YOUNGSTOWN Fox airs 1st part of rep's interview

'You better beat me on appeal, or there will be no IRS,' the congressman said.
YOUNGSTOWN -- A defiant and rambling U.S. Rep. James A. Traficant Jr. repeated his assertions that the federal government put him on trial a second time because it wanted to avenge its loss in the courtroom in his 1983 racketeering case.
"I'm the only one that had ever beaten them, and they had to clean the slate," he told Greta Van Susteren in a Fox News "On the Record" TV interview taped in the Mahoning Valley over the weekend -- the first segment of which aired Monday evening. Part two will air tonight and part three Wednesday.
In the recently completed federal racketeering trial in Cleveland, in which a jury convicted him on all 10 counts, Traficant complained that Judge Lesley Brooks Wells excluded nine of the tapes he tried to enter into evidence and wouldn't let nine of his witnesses testify before the jury.
Van Susteren, who landed the first national interview with Traficant since his conviction, said her goal during their discussion was to give the controversial congressman a chance to speak his mind.
"He's a chatty guy. Some people you interview, it's like pulling teeth. The congressman had a lot to say, he said it, and I'll let the viewers decide" what to believe, she said.
Answering charges
Responding to the charge that he had congressional staff members work on his Greenford horse farm on government time, Traficant said they did so voluntarily on their own time. He said the case against him was fomented by a few disgruntled staff members upset with some of his hirings.
Traficant, who faces possible expulsion from Congress because of his racketeering conviction, said the government presented "no wiretaps, no bugs, no physical evidence," and not a single fingerprint from him was found on 972 documents presented in the case.
He also said people have been reluctant to contribute to his re-election campaigns for fear of being targeted by the IRS for an audit.

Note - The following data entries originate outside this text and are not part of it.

Lemma concat_join (s : Splits n) : top_reached s -> split_concat (join_split s) = s.
Proof.
move=> top; have c_pos := cut_pos s; apply: Splits_eq => [|y|w].
- by rewrite cut_concat peak_join // prednK.
- by rewrite lowv_concat ev_build.
- by rewrite highv_concat peak_join // prednK // ev_build /= addKn.
Qed.

Section Shrink.
Variables (s : Splits n) (not_top : ~~ top_reached s).

Lemma shrink_cut_lt : (cut s).-1 < n.-1.+1.
Proof. by have := cut_le s; lia. Qed.

Lemma shrink_low_lt y : lowv s y < (cut s).-1.
Proof.
have := lowv_lt s y; move/existsPn/(_ y): not_top.
by have := cut_pos s; lia.
Qed.

Lemma shrink_high_lt w : highv s w < n.-1 - (cut s).-1.
Proof. by have := highv_lt s w; have := cut_pos s; lia. Qed.

Definition shrink_split : Splits n.-1 :=
  mkSplits shrink_cut_lt (build shrink_low_lt (@lowv_mono _ _ _ _ _ s))
    (build shrink_high_lt (@highv_mono _ _ _ _ _ s)).

Lemma extend_shrink : split_extend shrink_split = s.
Proof.
apply: Splits_eq => [|y|w].
- by rewrite cut_extend prednK // cut_pos.
- by rewrite lowv_extend; apply: ev_build.
- by rewrite highv_extend; apply: ev_build.
Qed.
End Shrink.

Lemma glue_surj (s : Splits n) : exists x, glue x = s.
Proof.
have [top | not_top] := boolP (top_reached s).
  by exists (inl (join_split s)); apply: concat_join.
by exists (inr (shrink_split not_top)); apply: extend_shrink.
Qed.

Lemma glue_bij : bijective glue.
Proof.
apply: inj_card_bij glue_inj _.
rewrite -(card_codom glue_inj); apply/subset_leq_card/subsetP => s _.
by have [x <-] := glue_surj s; apply: codom_f.
Qed.
End Concatenation.

Definition sum_map (A A' B B' : Type) (f : A -> A') (g : B -> B') (x : A + B) : A' + B' :=
  match x with inl a => inl (f a) | inr b => inr (g b) end.

Lemma sum_map_bij (A A' B B' : Type) (f : A -> A') (g : B -> B') :
  bijective f -> bijective g -> bijective (sum_map f g).
Proof.
move=> [f' fK f'K] [g' gK g'K].
by exists (sum_map f' g') => -[a|b] /=; rewrite ?fK ?gK ?f'K ?g'K.
Qed.

Theorem proposition2p1 (Y W : finType) (leY : rel Y) (leW : rel W) (n : nat) :
  is_poset leY -> is_poset leW -> 0 < #|Y| -> 0 < #|W| -> 2 <= n ->
  (exists f : (O (mu leY leW) n + split_union leY leW n.-1)%type ->
              split_union leY leW n, bijective f)
  /\
  Omega (mu leY leW) n
    + \sum_(1 <= a < n.-1) Omega leY a * Omega leW (n.-1 - a)
  = \sum_(1 <= c < n) Omega leY c * Omega leW (n - c).
Proof.
move=> _ _ /card_gt0P[y0 _] /card_gt0P[w0 _] n_ge2.
have n_pos : 0 < n by apply: ltnW.
have glueB := glue_bij leY leW y0 w0 n_pos.
split.
  exists (@union_of_splits _ _ leY leW y0 w0 n \o glue y0 w0 n_pos
          \o sum_map id (@splits_of_union _ _ leY leW n.-1)).
  apply: bij_comp; first exact: bij_comp (union_of_splits_bij leY leW y0 w0 n) glueB.
  by apply: sum_map_bij; [exists id | exact: (splits_of_union_bij leY leW y0 w0)].
have n1_pos : 0 < n.-1 by rewrite -ltnS prednK.
rewrite -(card_Splits leY leW y0 w0 n1_pos) -(card_Splits leY leW y0 w0 n_pos).
by rewrite Omega_card -card_sum; apply: bij_eq_card glueB.
Qed.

"You better beat me on appeal, or there will be no IRS. And I'm not afraid of the IRS. They can go to hell ... and I'm going to take my own appeal all the way. I'm not afraid to go to jail," said Traficant.
Pet issues
During the wide-ranging interview, Traficant mentioned some of the issues that have been the hallmarks of his populist agenda: abolition of the IRS and his warnings about the threats posed by China and the wave of illegal aliens crossing from Mexico into the United States.

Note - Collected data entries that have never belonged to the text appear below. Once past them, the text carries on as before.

Lemma submoduleZ (c : R) x : S x -> S (c *: x).
Proof. by case: S_sub => _ _; apply. Qed.

Lemma submoduleB x y : S x -> S y -> S (x - y).
Proof. by move=> Sx Sy; rewrite -scaleN1r; apply: submoduleD (submoduleZ _ _). Qed.

Lemma submodule_sum (I : finType) (c : I -> R) (F : I -> V) :
  (forall i, S (F i)) -> S (\sum_i c i *: F i).
Proof.
by move=> SF; apply: (big_ind S) => [|x y|i _]; [exact: submodule0 | exact: submoduleD |
  exact: submoduleZ].
Qed.

End Submodules.

Section RowCoordinates.
Variables (R : comPzRingType) (n : nat).
Local Notation V := 'rV[R]_n.+1.

Lemma erowE (i k : 'I_n.+1) : ('e_i : V) 0 k = (k == i)%:R.
Proof. by rewrite mxE. Qed.

Lemma erow_coord0 (i : 'I_n.+1) : i != 0 -> ('e_i : V) 0 0 = 0.
Proof. by move=> i_neq0; rewrite erowE eq_sym (negbTE i_neq0). Qed.

Lemma coordZ (c : R) (v : V) k : (c *: v) 0 k = c * v 0 k.
Proof. by rewrite mxE. Qed.

Lemma coordB (u v : V) k : (u - v) 0 k = u 0 k - v 0 k.
Proof. by rewrite !mxE. Qed.

Lemma scale_row_sum_delta (c : R) (u : V) : c *: u = \sum_k u 0 k *: (c *: 'e_k).
Proof.
rewrite {1}(row_sum_delta u) scaler_sumr; apply: eq_bigr => k _.
by rewrite !scalerA mulrC.
Qed.

Lemma sum_scale_coord (I : finType) (c : I -> R) (F : I -> V) k :
  (\sum_i c i *: F i) 0 k = \sum_i c i * F i 0 k.
Proof. by rewrite summxE; apply: eq_bigr => i _; rewrite mxE. Qed.

End RowCoordinates.

Section IndexPrime.
Variables (p n : nat).
Hypothesis p_prime : prime p.
Local Notation R := (zp p).
Local Notation V := 'rV[R]_n.
Variables (M N : V -> Prop).
Hypotheses (M_sub : submodule M) (N_sub : submodule N).

Lemma submodule_natr_unit (m : nat) y : (0 < m < p)%N -> N (m%:R *: y) -> N y.
Proof.
move=> m_unit Nmy; have [u um] := zp_natr_unit p_prime m_unit.
by have := submoduleZ N_sub u Nmy; rewrite scalerA um scale1r.
Qed.

Lemma submodule_natr_collision (k : nat) (j j' : 'I_k) y z :
  j != j' -> N (j%:R *: y - z) -> N (j'%:R *: y - z) ->
  exists2 m, (0 < m < k)%N & N (m%:R *: y).
Proof.
wlog j'_lt : j j' / (j' < j)%N.
  move=> wlog_lt; case: (ltngtP j j') => [j_lt|j'_lt|/val_inj->]; last by rewrite eqxx.
    by move=> ne Nj Nj'; apply: (wlog_lt j' j) => //; rewrite eq_sym.
  exact: wlog_lt.
move=> _ Nj Nj'; exists (j - j')%N.
  by rewrite subn_gt0 j'_lt; apply: leq_ltn_trans (leq_subr _ _) (ltn_ord j).
have := submoduleB N_sub Nj Nj'.
by rewrite opprB addrA subrK natrB ?(ltnW j'_lt) // scalerBl.
Qed.

Hypothesis N_index : has_index M N p.

Lemma index_prime_scale y : M y -> N (p%:R *: y).
Proof.
move=> My; case: N_index => r [_ _ r_cover].
have [g Ng] := choice (fun j : 'I_p.+1 => r_cover _ (submoduleZ M_sub (j : nat)%:R My)).
have : ~~ injectiveb g.
  by apply/injectiveP => /leq_card; rewrite !card_ord ltnn.
case/injectivePn => j [j' ne gjj'].
have Nj' := Ng j'; rewrite -gjj' in Nj'.
have [m /andP[m_gt0]] := submodule_natr_collision ne (Ng j) Nj'.
rewrite ltnS leq_eqVlt => /orP[/eqP->|m_lt] // Nmy.
by apply: (submoduleZ N_sub); apply: (submodule_natr_unit _ Nmy); rewrite m_gt0.
Qed.

Lemma index_prime_cover y : M y -> ~ N y ->
  forall x, M x -> exists2 j, (j < p)%N & N (x - j%:R *: y).
Proof.
move=> My Ny x Mx; case: N_index => r [_ _ r_cover].
have [g Ng] := choice (fun j : 'I_p => r_cover _ (submoduleZ M_sub (j : nat)%:R My)).
have g_inj : injective g.
  move=> j j' gjj'; apply/eqP; apply: contraT => ne.
  have Nj' := Ng j'; rewrite -gjj' in Nj'.
  have [m m_unit Nmy] := submodule_natr_collision ne (Ng j) Nj'.
  by case: Ny; apply: submodule_natr_unit Nmy.
have [g' gK g'K] := injF_bij g_inj.
have [i Nxi] := r_cover x Mx; exists (g' i) => //.
have := submoduleB N_sub Nxi (Ng (g' i)).
by rewrite g'K opprB addrA subrK.
Qed.

End IndexPrime.

Section Invariance.
Variables (R : comNzRingType) (n : nat).
Local Notation V := 'rV[R]_n.
Variables (M N I : V -> Prop) (phi : V -> V).

Lemma phi_invariant_sub : (forall x, N x -> M x) -> (forall x, I x -> N x) ->
  (forall x, I x -> I (phi x)) -> phi_invariant M N phi I.
Proof.
move=> NM IN Iphi; split=> // m x Ix.
have Iiter k : I (iter k phi x) by elim: k => //= k IHk; apply: Iphi.
by elim: m => [|m IHm] /=; [apply/NM/IN | split=> //; apply: IN].
Qed.

End Invariance.

(** * The lattice L and its subalgebra H *)

Section Lattice.
Variables (p d : nat) (a : 'I_d -> zp p).
Hypotheses (p_prime : prime p) (d_ge2 : (2 <= d)%N) (a_last : Lcoef a d != 0).
Local Notation R := (zp p).
Local Notation V := 'rV[R]_d.+1.
Local Notation P := (p%:R : R).
Local Notation br := (Lbracket a).

Let pX_neq0 k : P ^+ k != 0 := zp_expf_neq0 p_prime k (zp_natr_p_neq0 p_prime).

(* The matrix of ad(x_0) acting on row vectors: row i is [x_0, x_i]. *)
Definition adx0 : 'M[R]_d.+1 := \matrix_(i, k)
  ((i == 1%N :> nat)%:R * Lcoef a k + ((i == k.+1 :> nat) && (0 < k < d)%N)%:R).
Local Notation D := adx0.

Van Susteren said the interview is being shown over three days because Traficant has a lot to say and because there are other important national issues that deserve attention on her show.

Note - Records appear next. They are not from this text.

Lemma chi_root_collinear x : hyperbolic_signature H ->
  in_real_span chi x -> 0 < hform H x x -> hform H r x = 0 -> 4 <= a^* * a ->
  2 *: s = - (a *: r).
Proof.
move=> sigH xR xpos rx aa; apply/eqP; rewrite -addr_eq0 addrC; apply/eqP.
have xr : hform H x r = 0 by rewrite (hformC herH) rx rmorph0.
apply: (hyperbolic_orth_pos_eq0 herH sigH xpos).
  by rewrite hformDr !hformZr (hform_real_span_chi chiH xR rL) xr rmorph0 !mulr0 addr0.
rewrite !hformDl !hformDr !hformZl !hformZr rr hform_chi_root (hformC herH s r).
rewrite rmorph_nat (_ : _ + _ = 2 * (a^* * a - 4)); last by ring.
by rewrite mulr_ge0 // subr_ge0.
Qed.

Lemma mirror_family_collinear A B : a = gint A B -> 2 *: s = - (a *: r) ->
  exists vs G, G \in mirror_shapes /\ mirror_family vs G.
Proof.
move=> ea e2.
have AB4 : A * A + B * B = 4.
  apply: (@intr_inj C); rewrite -gint_norm -ea.
  have := congr1 (fun v => hform H v v) e2; rewrite /= -!scaleNr !hformZl !hformZr.
  rewrite hform_chi_root rr rmorph_nat rmorphN /= => e.
  apply: (@mulIf _ (-2)); first by rewrite oppr_eq0 pnatr_eq0.
  have -> : a^* * a * -2 = - a^* * (- a * -2) by ring.
  by rewrite -e; ring.
have single p q G : p * A + q * B = -2 * p -> p * B - q * A = -2 * q ->
    p * p + q * q != 0 -> G \in mirror_shapes -> gram_is H [:: gint p q *: r] G ->
    exists vs G, G \in mirror_shapes /\ mirror_family vs G.
  move=> e1 e2' pq0 shapeG gramG; exists [:: gint p q *: r], G; split=> //; split=> //.
  - move=> v; rewrite inE => /eqP->; split; first exact/in_latticeZ/rL/gaussian_gint.
    case: chiH => _ _ chiZ _ _; rewrite chiZ //; last exact: gaussian_gint.
    have muA : (gint p q)^* * gint A B = (-2)%:~R * gint p q :> C.
      by rewrite gintC gintM gintMz; congr gint; lia.
    apply: (@scalerI _ _ 2); first by rewrite pnatr_eq0.
    rewrite scalerA mulrC -scalerA e2 scalerN !scalerA ea muA -scaleNr.
    by congr (_ *: _); ring.
  - by apply: mirror_cut_single; rewrite gint_eq0.
have [eA|[eA|[eA|[eA|eA]]]] : A = -2 \/ A = -1 \/ A = 0 \/ A = 1 \/ A = 2 by nia.
all: have [eB|[eB|[eB|[eB|eB]]]] : B = -2 \/ B = -1 \/ B = 0 \/ B = 1 \/ B = 2 by nia.
all: subst A B; try by exfalso; lia.
all: [> apply: (single 1 0 gram_A1) | apply: (single 1 1 gram_A1_2)
     | apply: (single 1 (-1) gram_A1_2) | apply: (single 0 1 gram_A1) ].
all: try by [lia | rewrite !inE eqxx ?orbT].
all: rewrite /gram_is /gram /= hformZl hformZr rr mulrA gint_norm.
all: by congr [:: [:: _]]; ring.
Qed.

End MirrorSublattice.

Traficant has appeared numerous times on Fox News Channel shows, but this was his first interview with Van Susteren, a former attorney.
She said she personally called Traficant's office seeking the interview. She opted to travel Saturday to Youngstown to talk to Traficant because "it's harder to do satellite interviews."
Van Susteren wanted to spend some time in Youngstown checking out the sites, but the limited number of airline flights from Pittsburgh to Washington forced her to get out of town rather quickly.
Constituents' attitude
"But during the brief time I talked to people in Youngstown, they said they really liked him and he really fought for the little guy," she said. "I thought that was interesting. I almost got the sense it would not surprise me if he gave someone a good run for his money in the next election if he was able to run and he did run."
Van Susteren said she asked Traficant about the case, its outcome, his future and "his thoughts on bigger-picture issues."
"We talked about the trial, and I asked about his thoughts of going to prison and things like that," she said. "He said he's not afraid, but I don't think he wants to go. He thinks he's a victim of the system and he feels the overwhelming weight of the government."
Traficant, who often uses colorful language, used only a small amount of profanity during the interview, which Van Susteren said was no big deal.
"He was a gentleman but very passionate," she said. "There's nothing different than what you've seen before in terms of that. Frankly, I thought he was a little lower key than some of the stuff I've seen in the past."